Lemma lev_lt_wf : well_founded (lev_lt ltO).
Proof.
  assert (Acc_LO : forall a, Acc (lev_lt ltO) (LO a)).
  { intro a; induction (ltO_wf a) as [a _ IH].
    constructor; intros [b| |] H; simpl in H; try tauto; auto. }
  assert (Acc_W1 : Acc (lev_lt ltO) LW1).
  { constructor; intros [b| |] H; simpl in H; try tauto; auto. }
  intros [a| |]; auto.
  constructor; intros [b| |] H; simpl in H; try tauto; auto.
Qed.

Lemma lev_succ_lt (u w : Lev O) : lev_succ O ltO u w -> lev_lt ltO u w.
Proof. destruct u, w; simpl; tauto. Qed.

Lemma lev_succ_lt_pred (u v w : Lev O) :
  lev_succ O ltO u w -> lev_lt ltO v w -> v = u \/ lev_lt ltO v u.
Proof.
  destruct u as [b| |], w as [c| |]; simpl; try tauto.
  - intros [Hbc Hgap] Hv; destruct v as [a| |]; simpl in Hv; try tauto.
    destruct (ltO_total a b) as [Hab|[->|Hba]]; auto.
    exfalso; apply (Hgap a); auto.
  - intros _ Hv; destruct v as [a| |]; simpl in Hv; try tauto; auto.
Qed.

Lemma lev_succ_inj (u1 u2 w : Lev O) :
  lev_succ O ltO u1 w -> lev_succ O ltO u2 w -> u1 = u2.
Proof.
  destruct u1 as [b1| |], u2 as [b2| |], w as [c| |]; simpl; try tauto.
  intros [H1 Hgap1] [H2 Hgap2].
  destruct (ltO_total b1 b2) as [H|[->|H]]; auto; exfalso.
  - apply (Hgap1 b2); auto.
  - apply (Hgap2 b1); auto.
Qed.

Section Conditions.
Variables (L : Type) (F : L -> L -> O).

Lemma finite_set_ext (S S' : T O L -> Prop) :
  (forall x, S x <-> S' x) -> finite_set O L S' -> finite_set O L S.
Proof. intros HS [l Hl]; exists l; intro x; rewrite HS; apply Hl. Qed.

Lemma finite_set_guarded_singleton (P : Prop) (s : T O L) :
  finite_set O L (fun v => P /\ v = s).
Proof.
  destruct (classic P) as [HP|HP].
  - exists (s :: nil); simpl; intuition congruence.
  - exists nil; simpl; tauto.
Qed.
(* Let $(k,|\cdot|)$ be a complete non-Archimedean field of characteristic $p>0$ with nontrivial value group. The following are equivalent: (i) $T_n(k)$ is Frobenius split for each integer $n>0$; (ii) $T_n(k)$ has a nonzero $p^{-1}$-linear map for each integer $n>0$; (iii) there exists an integer $n>0$ for which $T_n(k)$ has a nonzero $p^{-1}$-linear map; (iv) $T_1(k)$ has a nonzero $p^{-1}$-linear map; (v) $T_1(k)$ is Frobenius split; (vi) there exists a nonzero continuous $k$-linear map $f\colon k^{1/p}\to k$.
   Context: A non-Archimedean field $(k,|\cdot|)$ is a field with a map $|\cdot|\colon k\to\mathbb{R}_{\ge0}$ satisfying $|x|=0$ iff $x=0$, $|x+y|\le\max\{|x|,|y|\}$, $|xy|=|x||y|$, assumed complete and with $|k^\times|\ne\{1\}$. The Tate algebra $T_n(k)$ is the subring of $k[[X_1,\dots,X_n]]$ of series $\sum_\nu a_\nu X^\nu$ with $|a_\nu|\to0$ as $\nu_1+\dots+\nu_n\to\infty$. For a ring $R$ of characteristic $p$, $F_{R*}R$ is $R$ with $R$-module structure $r\cdot x=r^px$; an $R$-linear map $F_{R*}R\to R$ is a $p^{-1}$-linear map; $R$ is Frobenius split if some $p^{-1}$-linear map sends $1\mapsto1$. The field $k^{1/p}$ of $p$-th roots of elements of $k$ (identified with $F_{k*}k$) carries the unique absolute value extending $|\cdot|$, making it a normed $k$-vector space; continuity refers to the metric topologies on $k^{1/p}$ and $k$. *)

From Stdlib Require Import Reals.
From HB Require Import structures.
From mathcomp Require Import all_boot all_order all_algebra.
Set Implicit Arguments. Unset Strict Implicit. Unset Printing Implicit Defensive.
Import GRing.Theory.
Local Open Scope ring_scope.

Record nonarch_abs (k : fieldType) (abs : k -> R) : Prop := {
  abs_ge0 : forall x : k, Rle R0 (abs x);
  abs_eq0 : forall x : k, abs x = R0 <-> x = 0;
  abs_ultra : forall x y : k, Rle (abs (x + y)) (Rmax (abs x) (abs y));
  abs_mul : forall x y : k, abs (x * y) = Rmult (abs x) (abs y) }.

Definition abs_complete (k : fieldType) (abs : k -> R) : Prop :=
  forall u : nat -> k,
    (forall eps, Rlt R0 eps -> exists N : nat, forall m n : nat,
        (N <= m)%N -> (N <= n)%N -> Rlt (abs (u m - u n)) eps) ->
    exists l : k, forall eps, Rlt R0 eps -> exists N : nat, forall n : nat,
        (N <= n)%N -> Rlt (abs (u n - l)) eps.

Definition abs_nontrivial (k : fieldType) (abs : k -> R) : Prop :=
  exists x : k, x <> 0 /\ abs x <> R1.

Definition mi (n : nat) := {ffun 'I_n -> nat}.
Definition series (k : fieldType) (n : nat) := mi n -> k.
Definition deg (n : nat) (nu : mi n) : nat := (\sum_(i < n) nu i)%N.

Definition szero (k : fieldType) (n : nat) : series k n := fun _ => 0.
Definition sone (k : fieldType) (n : nat) : series k n :=
  fun nu => if nu == [ffun => 0%N] then 1 else 0.
Definition sadd (k : fieldType) (n : nat) (a b : series k n) : series k n :=
  fun nu => a nu + b nu.
(* Cauchy product: (ab)_nu = sum_{mu <= nu} a_mu b_{nu - mu} *)
Definition smul (k : fieldType) (n : nat) (a b : series k n) : series k n :=
  fun nu =>
    \sum_(mu : {ffun 'I_n -> 'I_(deg nu).+1} | [forall i, (mu i <= nu i)%N])
      a [ffun i => nat_of_ord (mu i)] * b [ffun i => (nu i - mu i)%N].
Definition spow (k : fieldType) (n : nat) (a : series k n) (m : nat) : series k n :=
  iter m (smul a) (@sone k n).

Definition tate (k : fieldType) (abs : k -> R) (n : nat) (a : series k n) : Prop :=
  forall eps, Rlt R0 eps -> exists N : nat, forall nu : mi n,
    (N <= deg nu)%N -> Rlt (abs (a nu)) eps.

(* phi : F_* T_n(k) -> T_n(k) is T_n(k)-linear, i.e. a p^{-1}-linear map
   (phi is only relevant on T_n(k); it must map T_n(k) into T_n(k)). *)
Definition pinv_linear (k : fieldType) (abs : k -> R) (n p : nat)
    (phi : series k n -> series k n) : Prop :=
  [/\ forall x, tate abs x -> tate abs (phi x),
      forall x y, tate abs x -> tate abs y -> phi (sadd x y) = sadd (phi x) (phi y)
    & forall r x, tate abs r -> tate abs x -> phi (smul (spow r p) x) = smul r (phi x)].

Definition has_nonzero_pinv_map (k : fieldType) (abs : k -> R) (n p : nat) : Prop :=
  exists phi : series k n -> series k n,
    pinv_linear abs p phi /\ exists x, tate abs x /\ phi x <> @szero k n.

Definition frobenius_split (k : fieldType) (abs : k -> R) (n p : nat) : Prop :=
  exists phi : series k n -> series k n,
    pinv_linear abs p phi /\ phi (@sone k n) = @sone k n.

(* k^{1/p} identified with F_* k (element x of F_* k <-> x^{1/p});
   its absolute value is |x^{1/p}| = |x|^{1/p}. *)
Definition root_abs (k : fieldType) (abs : k -> R) (p : nat) (x : k) : R :=
  if Rlt_dec R0 (abs x) then Rpower (abs x) (Rinv (INR p)) else R0.

Definition has_nonzero_cont_map (k : fieldType) (abs : k -> R) (p : nat) : Prop :=
  exists f : k -> k,
    [/\ forall x y, f (x + y) = f x + f y,
        forall c x, f (c ^+ p * x) = c * f x,
        exists x, f x <> 0
      & forall x eps, Rlt R0 eps -> exists delta, Rlt R0 delta /\
          forall y, Rlt (root_abs abs p (y - x)) delta -> Rlt (abs (f y - f x)) eps].

From Stdlib Require Import Reals Lra Classical ClassicalEpsilon FunctionalExtensionality.
From HB Require Import structures.
From mathcomp Require Import all_boot all_order all_algebra.
From mathcomp Require Import mpoly.
Set Implicit Arguments. Unset Strict Implicit. Unset Printing Implicit Defensive.
Import GRing.Theory.
Local Open Scope ring_scope.
(* Let $F:\mathcal{G}_{\Sigma,\Delta,\pi}\to\mathcal{G}_{\Sigma,\Delta,\pi}$ be a causal graph dynamics with a monotonic local rule $f$ of radius $r$ (so $F$ is monotonic), and assume that $\mathrm{Conj}_F(R)$ is a singleton $\{\overline{F}(R)\}$ for every renaming $R$. Then the assignment $\widetilde{f}:\mathbf{D}^r_{\Sigma,\Delta,\pi}\to\mathbf{G}_{\Sigma,\Delta,\pi}$ given on objects by $\widetilde{f}((H,\{c\}))=f((H,c))$ and $\widetilde{f}((\varnothing,\emptyset))=\varnothing$, and on a morphism $m:(H,C)\to(H',C')$ by the morphism $\widetilde{f}(m):\widetilde{f}((H,C))\to\widetilde{f}((H',C'))$ with $|\widetilde{f}(m)|=\overline{F}(|m|)$, is a well-defined functor.
   Context: Fix an uncountably infinite set $\mathcal{V}$, sets $\Sigma,\Delta$, finite $\pi$. Graphs: countable $V(G)\subset\mathcal{V}$, a set $E(G)$ of pairwise disjoint two-element subsets of $V(G)\times\pi$, partial labelings $\sigma(G),\delta(G)$; $\subseteq$ is componentwise inclusion. Renamings are bijections of $\mathcal{V}$ acting naturally on graphs and pointed graphs ($V(R(G))=R(V(G))$, edges $\{u\!:\!i,v\!:\!j\}\mapsto\{R(u)\!:\!i,R(v)\!:\!j\}$, labelings precomposed with $R^{-1}$, $R(G,v)=(R(G),R(v))$). $\mathrm{Conj}_F(R)$ is the set of renamings $R'$ with $F\circ R=R'\circ F$. Disk $G^r_c=(H,c)$: vertices at distance $\le r+1$ from $c$, edges of $G$ with an endpoint at distance $\le r$, vertex labels restricted to distance $\le r$, edge labels of kept edges; $\mathcal{D}^r$ the set of radius-$r$ disks, ordered by $(H,c)\subseteq(H',c')$ iff $H\subseteq H'$ and $c=c'$. A local rule of radius $r$ is $f:\mathcal{D}^r\to$ graphs with: each renaming $R$ has $R'$ with $f\circ R=R'\circ f$; families of disks with empty intersection have images with empty intersection; bounded $|V(f(D))|$; $f(G^r_u),f(G^r_v)$ consistent for all $G,u,v$. A CGD is $F(G)=\bigcup_{v\in V(G)}f(G^r_v)$. Category $\mathbf{G}_{\Sigma,\Delta,\pi}$: objects graphs, morphism $m:G\to H$ a renaming $|m|$ with $|m|(G)\subseteq H$, composition by composition of renamings. Category $\mathbf{D}^r_{\Sigma,\Delta,\pi}$: objects $(H,\{c\})$ for $(H,c)\in\mathcal{D}^r$ and $(\varnothing,\emptyset)$; morphisms $m:(H_1,C_1)\to(H_2,C_2)$ are morphisms $m:H_1\to H_2$ of $\mathbf{G}_{\Sigma,\Delta,\pi}$ with $|m|(C_1)\subseteq C_2$. *)

From Stdlib Require Import List Arith ClassicalEpsilon.
Set Implicit Arguments.

Section CGD.
Variables (V Sig Del Pi : Type).

(** Ports and edges: an edge is a subset of V x Pi (required to be a
    two-element set in well-formed graphs). *)
Definition port := (V * Pi)%type.
Definition edge := port -> Prop.

Record graph := Graph {
  gV : V -> Prop;
  gE : edge -> Prop;
  gsig : V -> option Sig;
  gdel : edge -> option Del }.

Definition pgraph := (graph * V)%type.

Definition countable_set (A : V -> Prop) : Prop :=
  exists g : V -> nat, forall u v, A u -> A v -> g u = g v -> u = v.

Definition two_element (e : edge) : Prop :=
  exists p q : port, p <> q /\ forall x, e x <-> (x = p \/ x = q).

Definition wf (G : graph) : Prop :=
  countable_set (gV G) /\
  (forall e, gE G e -> two_element e /\ forall p, e p -> gV G (fst p)) /\
  (forall e e', gE G e -> gE G e' -> (exists p, e p /\ e' p) -> e = e') /\
  (forall v a, gsig G v = Some a -> gV G v) /\
  (forall e a, gdel G e = Some a -> gE G e).

Definition gsub (G H : graph) : Prop :=
  (forall v, gV G v -> gV H v) /\
  (forall e, gE G e -> gE H e) /\
  (forall v a, gsig G v = Some a -> gsig H v = Some a) /\
  (forall e a, gdel G e = Some a -> gdel H e = Some a).

Definition psub (D D' : pgraph) : Prop := gsub (fst D) (fst D') /\ snd D = snd D'.

Definition empty_graph : graph :=
  Graph (fun _ => False) (fun _ => False) (fun _ => None) (fun _ => None).

Record renaming := Renaming {
  rn : V -> V;
  rn_inv : V -> V;
  rn_K : forall x, rn_inv (rn x) = x;
  rn_KV : forall x, rn (rn_inv x) = x }.

Definition rid : renaming :=
  @Renaming (fun x => x) (fun x => x) (fun x => eq_refl) (fun x => eq_refl).

Lemma rcomp_K (R2 R1 : renaming) :
  forall x, rn_inv R1 (rn_inv R2 (rn R2 (rn R1 x))) = x.
Proof. intro x. rewrite rn_K, rn_K. reflexivity. Qed.
Lemma rcomp_KV (R2 R1 : renaming) :
  forall x, rn R2 (rn R1 (rn_inv R1 (rn_inv R2 x))) = x.
Proof. intro x. rewrite rn_KV, rn_KV. reflexivity. Qed.

Definition rcomp (R2 R1 : renaming) : renaming :=
  @Renaming (fun x => rn R2 (rn R1 x)) (fun x => rn_inv R1 (rn_inv R2 x))
    (rcomp_K R2 R1) (rcomp_KV R2 R1).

§ Task: Retype, exactly and in full, the lines above from the one containing "(forall e, gE G e -> two_element" through the one containing "forall x, rn R2".

§ Output for this exercise:
  (forall e, gE G e -> two_element e /\ forall p, e p -> gV G (fst p)) /\
  (forall e e', gE G e -> gE G e' -> (exists p, e p /\ e' p) -> e = e') /\
  (forall v a, gsig G v = Some a -> gV G v) /\
  (forall e a, gdel G e = Some a -> gE G e).

Definition gsub (G H : graph) : Prop :=
  (forall v, gV G v -> gV H v) /\
  (forall e, gE G e -> gE H e) /\
  (forall v a, gsig G v = Some a -> gsig H v = Some a) /\
  (forall e a, gdel G e = Some a -> gdel H e = Some a).

Definition psub (D D' : pgraph) : Prop := gsub (fst D) (fst D') /\ snd D = snd D'.

Definition empty_graph : graph :=
  Graph (fun _ => False) (fun _ => False) (fun _ => None) (fun _ => None).

Record renaming := Renaming {
  rn : V -> V;
  rn_inv : V -> V;
  rn_K : forall x, rn_inv (rn x) = x;
  rn_KV : forall x, rn (rn_inv x) = x }.

Definition rid : renaming :=
  @Renaming (fun x => x) (fun x => x) (fun x => eq_refl) (fun x => eq_refl).

Lemma rcomp_K (R2 R1 : renaming) :
  forall x, rn_inv R1 (rn_inv R2 (rn R2 (rn R1 x))) = x.
Proof. intro x. rewrite rn_K, rn_K. reflexivity. Qed.
Lemma rcomp_KV (R2 R1 : renaming) :
  forall x, rn R2 (rn R1 (rn_inv R1 (rn_inv R2 x))) = x.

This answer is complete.